Analyzing NYC Citi Bike Ride Data
Project Overview
Citi Bike, New York City’s bike-sharing system, has been a transformative addition to the city’s transportation landscape since its launch in 2013. With thousands of bikes and docking stations spread across the city, Citi Bike serves both residents and tourists, offering a sustainable alternative to traditional transport.
As part of the Intro to Data Analytics course by Career Foundry, I assumed the role of a Junior Data Analyst working alongside the operations and marketing teams at Citi Bike. My task was to analyze Citi Bike rider data to understand how different customer segments utilize the service across New York City. By exploring patterns in rider behavior, I aimed to provide actionable insights that would help optimize Citi Bike's offerings and improve overall customer satisfaction.
Problem Statement
As Citi Bike continues to grow, understanding user behavior across different demographics is critical to optimizing the service. This project seeks to explore how age, user type, and other factors influence ride patterns, to identify trends that can inform strategies for service expansion and customer satisfaction. Specifically, this analysis focuses on answering the following key business questions:
Key Business Questions:
What are the most popular pick-up locations across the city?
How does the average trip duration vary across different age groups?
Which age group rents the most bikes?
How does bike rental vary between one-time users and long-term subscribers on different days of the week?
Does user age impact the average trip duration?
Dataset
The dataset for this project comes from Career Foundry’s curated version of Citi Bike’s public trip history logs, which capture detailed information on ride duration, start and end locations, and user types. The original dataset is available on Kaggle.
Methodology
Ask Phase:
Defined the business problem: Optimize Citi Bike service by analyzing ride patterns based on user demographics and usage trends.
Identified stakeholders: Citi Bike management, marketing teams, and city transportation planners.
Prepare Phase:
Data Cleaning: Removed over 3,500 duplicate records and filtered out rows with missing data, which could indicate errors in data entry.
Feature Engineering: Added variables like "weekday" to explore how ride patterns differ throughout the week.
Data Validation: Ensured the dataset was complete and aligned with the project’s objectives for effective analysis.
Process Phase:
Processed the data to ensure it was free from errors, such as duplicates or incomplete records.
Structured the data to facilitate analysis by breaking down ride data by user types, age groups, and days of the week.
Analyze Phase:
Descriptive Statistics: Calculated summary statistics (mean, median, mode) for ride duration, age, and other relevant variables.
Pivot Tables: Used to segment data by age, user type, and day of the week, uncovering patterns in ride duration and popular pick-up locations.
Trend Analysis: Explored bike rent trends over time and identified the relationship between age and trip duration.

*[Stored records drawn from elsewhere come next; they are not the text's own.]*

Lemma ratrM x y : ratr (x * y) = ratr x * ratr y :> F.
Proof.
have dx := denq_neq0 x; have dy := denq_neq0 y.
have -> : x * y = (numq x * numq y)%:~R / (denq x * denq y)%:~R.
  rewrite -{1}(divq_num_den x) -{1}(divq_num_den y) !intrM.
  by field; rewrite !intr_eq0 dx dy.
rewrite ratr_frac ?mulf_neq0 // !intrM /ratr.
by field; rewrite !intr_neq0.
Qed.

Lemma ratrV x : ratr x^-1 = (ratr x)^-1 :> F.
Proof.
have [->|x_neq0] := eqVneq x 0; first by rewrite invr0 ratr0 invr0.
rewrite -{1}(divq_num_den x) invf_div ratr_frac ?numq_eq0 //.
by rewrite /ratr invf_div.
Qed.

Lemma ratrXz x (z : int) : ratr (x ^ z) = ratr x ^ z :> F.
Proof.
have ratrXn n : ratr (x ^+ n) = ratr x ^+ n :> F.
  elim: n => [|n IHn]; first exact: ratr_int 1.
  by rewrite !exprS ratrM IHn.
by case: z => n; rewrite /= ?ratrV ratrXn.
Qed.

Lemma ratr_sum (I : Type) (r : seq I) (P : pred I) (G : I -> rat) :
  ratr (\sum_(i <- r | P i) G i) = \sum_(i <- r | P i) ratr (G i) :> F.
Proof. exact: (big_morph _ ratrD ratr0). Qed.

Lemma ratr_cf_eval (b : nat -> rat) (beta : nat -> F) :
  (forall n, ratr (b n) = beta n) -> forall i k, ratr (cf_eval b i k) = cfrac beta i k.
Proof.
move=> b_beta i k; elim: k i => [|k IHk] i /=; first exact: b_beta.
by rewrite ratrD ratrV IHk b_beta.
Qed.

End CharZeroRatr.

Record ultra_abs (K : fieldType) (abs : K -> rat) : Prop := UltraAbs {
  ultra_abs_ge0 : forall x, 0 <= abs x;
  ultra_abs_eq0 : forall x, abs x = 0 <-> x = 0;
  ultra_absM : forall x y, abs (x * y) = abs x * abs y;
  ultra_abs_max : forall x y, abs (x + y) <= Num.max (abs x) (abs y)
}.

Section UltrametricAbs.

Variables (K : fieldType) (abs : K -> rat).
Hypothesis ua : ultra_abs abs.

Lemma abs_ge0 x : 0 <= abs x. Proof. exact: ultra_abs_ge0. Qed.
Lemma abs_eq0 x : abs x = 0 <-> x = 0. Proof. exact: ultra_abs_eq0. Qed.
Lemma absM x y : abs (x * y) = abs x * abs y. Proof. exact: ultra_absM. Qed.
Lemma abs_ultra x y : abs (x + y) <= Num.max (abs x) (abs y).
Proof. exact: ultra_abs_max. Qed.

Lemma abs0 : abs 0 = 0.
Proof. exact/abs_eq0. Qed.

Lemma abs_gt0 x : x != 0 -> 0 < abs x.
Proof.
move=> x_neq0; rewrite lt_def abs_ge0 // andbT.
by apply: contraNneq x_neq0 => /abs_eq0 ->.
Qed.

Lemma abs1 : abs 1 = 1.
Proof.
have abs1_gt0 := abs_gt0 (oner_neq0 K).
apply: (mulfI (lt0r_neq0 abs1_gt0)); by rewrite -absM !mulr1.
Qed.

Lemma absN x : abs (- x) = abs x.
Proof.
have absN1 : abs (-1) = 1.
  have := abs_ge0 (-1); have : abs (-1) * abs (-1) = 1 by rewrite -absM mulrNN mulr1 abs1.
  nra.
by rewrite -mulN1r absM absN1 mul1r.
Qed.

Lemma abs_distC x y : abs (x - y) = abs (y - x).
Proof. by rewrite -absN opprB. Qed.

Lemma absV x : abs x^-1 = (abs x)^-1.
Proof.
have [->|x_neq0] := eqVneq x 0; first by rewrite invr0 abs0 invr0.
apply: (mulfI (lt0r_neq0 (abs_gt0 x_neq0))).
by rewrite -absM !divff ?abs1 // lt0r_neq0 // abs_gt0.
Qed.

Lemma absXz x (z : int) : abs (x ^ z) = abs x ^ z.
Proof.
have absXn n : abs (x ^+ n) = abs x ^+ n.
  by elim: n => [|n IHn]; rewrite ?abs1 // !exprS absM IHn.
by case: z => n; rewrite /= ?absV absXn.
Qed.

Lemma absD_le x y C : abs x <= C -> abs y <= C -> abs (x + y) <= C.
Proof. by move=> xC yC; apply: le_trans (abs_ultra x y) _; rewrite ge_max xC. Qed.

Lemma abs_sum_le (I : Type) (r : seq I) (P : pred I) (G : I -> K) C :
  0 <= C -> (forall i, P i -> abs (G i) <= C) -> abs (\sum_(i <- r | P i) G i) <= C.
Proof.
move=> C_ge0 GC; apply: (big_ind (fun s => abs s <= C)) => //; first by rewrite abs0.
by move=> x y; apply: absD_le.
Qed.

Lemma absDl_eq x y : abs y < abs x -> abs (x + y) = abs x.
Proof.
move=> yx; apply/le_anti/andP; split; first by apply: absD_le => //; exact: ltW.
have := abs_ultra (x + y) (- y); rewrite addrK absN le_max.
by case/orP => // /(lt_le_trans yx); rewrite ltxx.
Qed.

Section CfracCriterion.

Variable c : rat.
Hypotheses (c_gt0 : 0 < c) (c_lt1 : c < 1).

Definition admissible_digit (a b : K) : Prop :=
  abs (a - b) <= c \/ (c^-1 <= abs a /\ abs (a - b) <= 1).

Variables (al beta : nat -> K).
Hypotheses (al_neq : forall n, al n != beta n)
  (alS : forall n, al n.+1 = (al n - beta n)^-1)
  (beta_adm : forall n, admissible_digit (al n) (beta n)).

Local Notation err i k := (abs (al i - cfrac beta i k)).

Lemma abs_alS n : abs (al n.+1) = (abs (al n - beta n))^-1.
Proof. by rewrite alS absV. Qed.

Lemma adm_dist_le1 n : abs (al n - beta n) <= 1.
Proof. by case: (beta_adm n) => [h|[_ //]]; apply: le_trans h (ltW c_lt1). Qed.

Lemma abs_alS_ge1 n : 1 <= abs (al n.+1).
Proof. by rewrite abs_alS invf_ge1 ?adm_dist_le1 ?abs_gt0 ?subr_eq0. Qed.

Lemma adm_dist_ltS n : abs (al n.+1 - beta n.+1) < abs (al n.+1).
Proof.
case: (beta_adm n.+1) => [h|[h1 h2]].
  exact: le_lt_trans h (lt_le_trans c_lt1 (abs_alS_ge1 n)).
by apply: le_lt_trans h2 (lt_le_trans _ h1); rewrite invf_gt1.
Qed.

Lemma abs_cfracS k n : abs (cfrac beta n.+1 k) = abs (al n.+1).
Proof.
have abs_betaS m : abs (beta m.+1) = abs (al m.+1).
  by rewrite -(subKr (al m.+1) (beta m.+1)) absDl_eq ?absN ?adm_dist_ltS.
elim: k n => [|k IHk] n //=.
by rewrite absDl_eq abs_betaS // absV IHk abs_alS invrK adm_dist_ltS.
Qed.

Lemma cfrac_errS i k : err i k.+1 = err i.+1 k / abs (al i.+1) ^+ 2.
Proof.
have abs_al_gt0 : 0 < abs (al i.+1) := lt_le_trans ltr01 (abs_alS_ge1 i).
have al_neq0 : al i.+1 != 0 by apply: contraTneq abs_al_gt0 => ->; rewrite abs0 ltxx.
have cfrac_neq0 : cfrac beta i.+1 k != 0.
  by apply: contraTneq abs_al_gt0; rewrite -(abs_cfracS k) => ->; rewrite abs0 ltxx.
have -> : al i - cfrac beta i k.+1 =
          (cfrac beta i.+1 k - al i.+1) / (al i.+1 * cfrac beta i.+1 k).
  have dist_eq : al i - beta i = (al i.+1)^-1 by rewrite alS invrK.
  by rewrite /= opprD addrA dist_eq; field; apply/andP.
by rewrite absM absV absM (abs_cfracS k) abs_distC expr2.
Qed.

Analysis and Visualizations
Popular Pick-Up Locations:
The most popular pick-up stations are located in busy, commuter-heavy areas such as Grove St Path, Exchange Place, Sip Ave, Hamilton Park, and Morris Canal. These locations likely serve both daily commuters and tourists due to their accessibility.
Trip Duration by Age Group:
On average, the oldest age group (75+ years) had the longest trip durations, indicating a preference for more leisurely rides. This suggests opportunities for Citi Bike to cater to older users who might prioritize recreational cycling over commuting.
Bike Rentals by Age Group:
The 35-44 age group rented the most bikes, followed by the 25-34 group. The 18-24 group had the lowest rental rates. This highlights a potential opportunity to increase engagement with younger users, who may not fully appreciate the benefits of the service.
Rental Variations by User Type:
One-time users rented significantly more bikes on weekends, while long-term subscribers used the service more consistently throughout the week. This finding could inform marketing strategies targeting casual riders, particularly tourists, for weekend promotions.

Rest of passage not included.